Which lines of the records contain "right"? Collect every one of them.

Records excerpted from a collection:
┌────────

(* Take a covering arc (a, b) of maximal length and the leftmost u with T u a
   (or u = a - 1).  The longer arc (u, b) is not in T, and an arc of T crossing
   it would cross (a, b) or (u, a), or contradict one of the two choices. *)
Lemma triangulation_long_arc T p D : triangulation T -> locally_finite T -> p <= D ->
  exists a b, T a b /\ a <= p /\ D < b.
Proof.
move=> [Tlt [Tnc Tmax]] lT pD; apply: NNPP => none.
have far a b : T a b -> a <= D -> D < b -> p < a.
  move=> Tab _ Db; rewrite ltNge; apply/negP => ap; apply: none; by exists a, b; do !split.
pose len l := exists a b, T a b /\ a <= D /\ D < b /\ l = b - a.
have [B HB] := covering_len_ub p `|(D - p)%R| lT.
have [_ [[a [b [Tab [aD [Db ->]]]]] max_len]] : exists L, len L /\ forall l, len l -> l <= L.
  apply: (@int_max_exists _ B).
    by exists 1, D, (D + 1); split; [exact: triangulation_edge | lia].
  move=> _ [a [b [Tab [aD [Db ->]]]]]; have := far _ _ Tab aD Db.
  by move=> pa; apply: HB => //; lia.
have no_longer c d : T c d -> c <= D -> D < d -> d - c <= b - a.
  by move=> Tcd cD Dd; apply: max_len; exists c, d.
pose ends_at_a c := c = a - 1 \/ T c a.
have [B' HB'] := locally_finite_len_ub a lT.
have [u [u_a min_u]] : exists u, ends_at_a u /\ forall c, ends_at_a c -> u <= c.
  apply: (@int_min_exists _ (a - 1 - `|B'|%:Z)); first by exists (a - 1); left.
  by move=> c [->|Tca]; [lia | have := HB' _ _ Tca (or_intror erefl); lia].
have ua : u < a by case: u_a => [->|/Tlt]; lia.
have nTub : ~ T u b by move=> Tub; have := no_longer _ _ Tub; lia.
have [c [d [Tcd [[uc [cb bd]] | [cu [ud db]]]]]] := Tmax u b ltac:(lia) nTub.
- case: (lerP c a) => ca; first by have := no_longer _ _ Tcd; lia.
  by apply: (Tnc _ _ _ _ Tab Tcd); left; lia.
- case: (ltrgtP d a) => [da|ad|da].
  + case: u_a => [eu|Tua]; first lia.
    by apply: (Tnc _ _ _ _ Tua Tcd); right; lia.
  + by apply: (Tnc _ _ _ _ Tab Tcd); right; lia.
  + by rewrite da in Tcd; have := min_u c (or_intror Tcd); lia.
Qed.

Lemma triangulation_covering_arc T p D : triangulation T -> locally_finite T ->
  exists a b, T a b /\ a <= p /\ D < b.
Proof.
move=> tT lT; case: (lerP p D) => [|Dp]; first exact: triangulation_long_arc.
have [a [b [Tab [ap pb]]]] := triangulation_long_arc tT lT (lexx p).
by exists a, b; do !split=> //; lia.
Qed.

Theorem propositionA6 (T : int -> int -> Prop) :
  triangulation T -> locally_finite T ->
  ~ precovering (arcs_of T) /\ ~ functorially_finite (arcs_of T).
Proof.
move=> tT lT; suff not_pc : ~ precovering (arcs_of T) by split=> // -[].
pose M : obj := [:: (None, 0)].
move=> /(_ M) [A|X [f [TX [gf fact]]]]; first by rewrite inE => /eqP ->.
have [D XD] := exists_ub_seq (fun A : Defs.arc => A.2) X.
have [a [b [Tab [a0 Db]]]] := triangulation_covering_arc 0 D tT lT.
pose Y : obj := [:: (Some a, b)].
pose g : mor Y M := fun i j => killx_mx (nth arc0 Y i) (nth arc0 M j).
have gg : is_mor g by move=> [[|i] ?] [[|j] ?] //; apply: killx_ghom.
have TY : in_subcat (arcs_of T) Y by move=> A; rewrite inE => /eqP ->.
have [h [gh hfg]] := fact Y g TY gg.
have Xb A : A \in X -> A.1 != None /\ A.2 < b.
  by move=> AX; have := XD A AX; have := TX A AX; case: A {AX} => [[c|] d] //= _; lia.
have := killx_neq0 (tT.1 _ _ Tab) a0.
by rewrite -[killx_mx _ _ a]/(g ord0 ord0 a) -hfg (comp_lower_inf_eq0 Xb gh gf) eqxx.
Qed.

└────────

Task solution:
    by apply: (Tnc _ _ _ _ Tua Tcd); right; lia.
  + by apply: (Tnc _ _ _ _ Tab Tcd); right; lia.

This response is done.